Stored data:
==============================

Lemma pairing_leaf_left_tens_op g u v : nonunit u -> nonunit v ->
  pairing (leaf_left g) (tens_op op u v)
  = leaf_left (fun d => leaf_left (fun b => pairing g (top b d)) u) v.
Proof.
case: u v => a b [c d]; rewrite /nonunit /tens_op /= => nu nv.
case: ifP => [/andP[_ ld] | nbd].
  rewrite (pairing_rone _ (op a c)) (eq_pairing _ (G := fun _ => 0)) ?pairing0 => [|x].
    by rewrite /leaf_left /= ld andbF.
  by rewrite /leaf_left /= andbF.
rewrite pairing_tens; have [/andP[la lc] | nac] := boolP (is_leaf a && is_leaf c).
  have nb : ~~ is_leaf b by move: nu; rewrite la.
  have nd : ~~ is_leaf d by move: nv; rewrite lc.
  rewrite (leafE la) (leafE lc) tstar_leafl pairing1 op_top // /leaf_left /= nb nd.
  by apply: (eq_pairing_leaf_free (leaf_free_top b d)) => y /negbTE ->.
rewrite (eq_pairing_leaf_free (g := fun _ => 0) (leaf_free_tstar K nac)) => [|x nx].
  rewrite pairing0 /leaf_left /=; move: nac.
  by case: (is_leaf a); case: (is_leaf c); rewrite //= if_same.
rewrite -(pairing0 (op b d)); apply: eq_pairing => y.
by rewrite /leaf_left /= (negbTE nx).
Qed.

Lemma pairing_leaf_right_tens_op g u v : nonunit u -> nonunit v ->
  pairing (leaf_right g) (tens_op op u v)
  = leaf_right (fun c => leaf_right (fun a => pairing g (top a c)) u) v.
Proof.
case: u v => a b [c d]; rewrite /nonunit /tens_op /= => nu nv.
case: ifP => [/andP[lb ld] | nbd].
  have na : ~~ is_leaf a by move: nu; rewrite lb andbT.
  have nc : ~~ is_leaf c by move: nv; rewrite ld andbT.
  rewrite (pairing_rone _ (op a c)) op_top // /leaf_right /= lb ld na nc.
  by apply: (eq_pairing_leaf_free (leaf_free_top a c)) => x /negbTE ->.
rewrite pairing_tens (eq_pairing _ (G := fun _ => 0)) ?pairing0 => [|x].
  rewrite /leaf_right /=; move: nbd.
  by case: (is_leaf a); case: (is_leaf b); case: (is_leaf c); case: (is_leaf d).
rewrite -(pairing0 (op b d)); apply: eq_pairing_leaf_free => [|y /negbTE ny].
  by rewrite leaf_free_op ?nbd.
by rewrite /leaf_right /= ny.
Qed.

Variable D : tree -> lin K (tree * tree).
Hypothesis D_nonunit :
  forall {y}, valid y -> ~~ is_leaf y -> forall u, coef (D y) u != 0 -> nonunit u.
Hypothesis D_morph : forall {v w}, inAplus v -> inAplus w ->
  veq (Dext D (bilin top v w)) (bilin (tens_op op) (Dext D v) (Dext D w)).

Lemma Dext_top y z : valid y -> ~~ is_leaf y -> valid z -> ~~ is_leaf z ->
  veq (Dext D (top y z)) (bilin (tens_op op) (D y) (D z)).
Proof.
move=> vy ny vz nz.
have inA x : valid x -> ~~ is_leaf x -> inAplus [:: (1 : K, x)].
  by move=> vx nx; rewrite /inAplus /= vx nx.
have top1 : veq (Dext D (top y z)) (Dext D (bilin top [:: (1, y)] [:: (1, z)])).
  by apply/veqP => F; rewrite !pairing_Dext pairing_bilin !pairing1.
move=> u; rewrite top1 (D_morph (inA _ vy ny) (inA _ vz nz)).
exact: veq_bilin (Dext1 D y) (Dext1 D z) u.
Qed.

Lemma has_unit_parts_top y z x : valid y -> ~~ is_leaf y -> valid z -> ~~ is_leaf z ->
  top y z = [:: (1, x)] -> has_unit_parts D y -> has_unit_parts D z -> has_unit_parts D x.
Proof.
move=> vy ny vz nz yz [Ly Ry] [Lz Rz].
have /veqP Dyz := Dext_top vy ny vz nz; rewrite yz in Dyz.
have Dx F : pairing F (D x) = pairing F (bilin (tens_op op) (D y) (D z)).
  by rewrite -Dyz pairing_Dext pairing1.
have gx g : g x = pairing g (top y z) by rewrite yz pairing1.
split=> g; rewrite Dx pairing_bilin gx.
- rewrite -(Ly (fun b => pairing g (top b z))).
  apply: eq_pairing_supp => u /(D_nonunit vy ny) nu.
  rewrite -(Lz (fun d => leaf_left (fun b => pairing g (top b d)) u)).
  by apply: eq_pairing_supp => v /(D_nonunit vz nz) nv; apply: pairing_leaf_left_tens_op.
- rewrite -(Ry (fun a => pairing g (top a z))).
  apply: eq_pairing_supp => u /(D_nonunit vy ny) nu.
  rewrite -(Rz (fun c => leaf_right (fun a => pairing g (top a c)) u)).
  by apply: eq_pairing_supp => v /(D_nonunit vz nz) nv; apply: pairing_leaf_right_tens_op.
Qed.

Lemma tens_op_lone t s : inAplus t -> inAplus s ->
  veq (bilin (tens_op op) (lone t) (lone s)) (lone (bilin top t s)).
Proof.
move=> ht hs; apply/veqP => G; rewrite pairing_bilin !pairing_lone pairing_bilin.
apply: (eq_pairing_inAplus ht) => a _ na; rewrite pairing_lone.
apply: (eq_pairing_inAplus hs) => b _ nb.
by rewrite /tens_op /= (negbTE na) tstar_leafl pairing_tens pairing1 op_top.
Qed.

Lemma tens_op_rone t s : inAplus t -> inAplus s ->
  veq (bilin (tens_op op) (rone t) (rone s)) (rone (bilin top t s)).
Proof.
move=> ht hs; apply/veqP => G; rewrite pairing_bilin !pairing_rone pairing_bilin.
apply: (eq_pairing_inAplus ht) => a _ na; rewrite pairing_rone.
apply: (eq_pairing_inAplus hs) => b _ nb.
by rewrite /tens_op /= (pairing_rone _ (op a b)) op_top.
Qed.

Lemma pairing_Dtilde_top t s G : inAplus t -> inAplus s ->
  pairing G (Dtilde D (bilin top t s)) =
    pairing G (bilin (tens_op op) (Dtilde D t) (Dtilde D s))
  + pairing G (bilin (tens_op op) (lone t) (Dtilde D s))
  + pairing G (bilin (tens_op op) (Dtilde D t) (lone s))
  + pairing G (bilin (tens_op op) (lone t) (rone s))
  + pairing G (bilin (tens_op op) (rone t) (lone s))
  + pairing G (bilin (tens_op op) (rone t) (Dtilde D s))
  + pairing G (bilin (tens_op op) (Dtilde D t) (rone s)).
Proof.
move=> ht hs; move/veqP: (tens_op_lone ht hs) => /(_ G) LL.
move/veqP: (tens_op_rone ht hs) => /(_ G) RR.
move/veqP: (D_morph ht hs) => /(_ G) Dts.
move/veqP: (veq_bilin (tens_op op) (Dext_split D t) (Dext_split D s)) => /(_ G) Dsplit.
rewrite pairing_Dtilde Dts Dsplit !pairing_bilin_catl !pairing_bilin_catr -LL -RR; ring.
Qed.

End AugmentedProduct.

Section Coproduct.
Variables (K : fieldType) (D : tree -> lin K (tree * tree)).
Hypothesis HD : is_Delta D.

Lemma Delta_nonunit y : valid y -> ~~ is_leaf y -> forall u, coef (D y) u != 0 -> nonunit u.
Proof. by case: HD => _ _ supp _ vy ny [a b] /(supp _ vy ny) /and3P[]. Qed.

Lemma Delta_prec v w : inAplus v -> inAplus w ->
  veq (Dext D (vprec v w)) (TTprec (Dext D v) (Dext D w)).
Proof. by move=> Av Aw; case: HD => _ _ _ /(_ v w Av Aw) []. Qed.

Lemma Delta_dot v w : inAplus v -> inAplus w ->
  veq (Dext D (vdot v w)) (TTdot (Dext D v) (Dext D w)).
Proof. by move=> Av Aw; case: HD => _ _ _ /(_ v w Av Aw) []. Qed.

Lemma Delta_succ v w : inAplus v -> inAplus w ->
  veq (Dext D (vsucc v w)) (TTsucc (Dext D v) (Dext D w)).
Proof. by move=> Av Aw; case: HD => _ _ _ /(_ v w Av Aw) []. Qed.

Lemma has_unit_parts_Y : has_unit_parts D Ytree.
Proof.
case: HD => _ /veqP DY _ _; split=> g; rewrite DY pairing_cons pairing1 mul1r.
  by rewrite /leaf_left /= add0r.
by rewrite /leaf_right /= addr0.
Qed.

Lemma has_unit_parts_tree x : valid x -> ~~ is_leaf x -> has_unit_parts D x.
Proof.
have prec := has_unit_parts_top (aprec_tprec K) (leaf_free_aprec K) (leaf_free_tprec K)
  Delta_nonunit Delta_prec.
have succ := has_unit_parts_top (asucc_tsucc K) (leaf_free_asucc K) (leaf_free_tsucc K)
  Delta_nonunit Delta_succ.
have dot := has_unit_parts_top (adot_tdot K) (fun b d _ => leaf_free_adot K b d)
  (leaf_free_tdot K) Delta_nonunit Delta_dot.
have [n] := ubnP (Defs.tsize x); elim: n x => // n IH [[|x0 [|x1 xs]]] //.
rewrite ltnS /= => size_x /andP[v0 /andP[v1 vs]] _.
have [p0 p1] := (tsize_gt0 x0, tsize_gt0 x1).
(* | ∨ x = Y ≺ x,  x ∨ | = x ≻ Y,  x ∨ y = (x ∨ |) ≺ y,
   x0 ∨ ... ∨ xk ∨ z = (x0 ∨ ... ∨ xk) · (| ∨ z). *)
case: xs size_x vs => [|x2 xs] size_x vs.
  rewrite /= addn0 in size_x.
  have [l0|n0] := boolP (is_leaf x0); have [l1|n1] := boolP (is_leaf x1).
  - by rewrite (leafE l0) (leafE l1); apply: has_unit_parts_Y.
  - rewrite (leafE l0); apply: (prec Ytree x1) => //; rewrite ?tprec_Y //.
      exact: has_unit_parts_Y.
    by apply: IH => //; lia.
  - rewrite (leafE l1); apply: (succ x0 Ytree) => //; rewrite ?tsucc_Y //.
      by apply: IH => //; lia.
    exact: has_unit_parts_Y.
  - have s1 := tsize_nonleaf n1.
    apply: (prec (Node [:: x0; leaf]) x1) => //=; rewrite ?v0 ?tprec_node_leaf //.
      by apply: IH => //=; rewrite ?v0 //; lia.
    by apply: IH => //; lia.
move: size_x vs; rewrite (lastI x2 xs); move: (belast x2 xs) (last x2 xs) => s z.
rewrite all_rcons map_rcons sumn_rcons => size_x /andP[vz vs].
have pz := tsize_gt0 z.
apply: (dot (Node [:: x0, x1 & s]) (Node [:: leaf; z])) => //=.
all: rewrite ?v0 ?v1 ?vs ?vz ?tdot_rcons //.
  by apply: IH => //=; rewrite ?v0 ?v1 ?vs //; lia.
by apply: IH => //=; rewrite ?vz //; lia.
Qed.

==============================

**What this task involves:** Using the entries above, repeat only the lines from the one containing "Lemma tens_op_rone t" through the one containing "Hypothesis HD : is_Delta D.", end lines included.

**Exercise solution:**
Lemma tens_op_rone t s : inAplus t -> inAplus s ->
  veq (bilin (tens_op op) (rone t) (rone s)) (rone (bilin top t s)).
Proof.
move=> ht hs; apply/veqP => G; rewrite pairing_bilin !pairing_rone pairing_bilin.
apply: (eq_pairing_inAplus ht) => a _ na; rewrite pairing_rone.
apply: (eq_pairing_inAplus hs) => b _ nb.
by rewrite /tens_op /= (pairing_rone _ (op a b)) op_top.
Qed.

Lemma pairing_Dtilde_top t s G : inAplus t -> inAplus s ->
  pairing G (Dtilde D (bilin top t s)) =
    pairing G (bilin (tens_op op) (Dtilde D t) (Dtilde D s))
  + pairing G (bilin (tens_op op) (lone t) (Dtilde D s))
  + pairing G (bilin (tens_op op) (Dtilde D t) (lone s))
  + pairing G (bilin (tens_op op) (lone t) (rone s))
  + pairing G (bilin (tens_op op) (rone t) (lone s))
  + pairing G (bilin (tens_op op) (rone t) (Dtilde D s))
  + pairing G (bilin (tens_op op) (Dtilde D t) (rone s)).
Proof.
move=> ht hs; move/veqP: (tens_op_lone ht hs) => /(_ G) LL.
move/veqP: (tens_op_rone ht hs) => /(_ G) RR.
move/veqP: (D_morph ht hs) => /(_ G) Dts.
move/veqP: (veq_bilin (tens_op op) (Dext_split D t) (Dext_split D s)) => /(_ G) Dsplit.
rewrite pairing_Dtilde Dts Dsplit !pairing_bilin_catl !pairing_bilin_catr -LL -RR; ring.
Qed.

End AugmentedProduct.

Section Coproduct.
Variables (K : fieldType) (D : tree -> lin K (tree * tree)).
Hypothesis HD : is_Delta D.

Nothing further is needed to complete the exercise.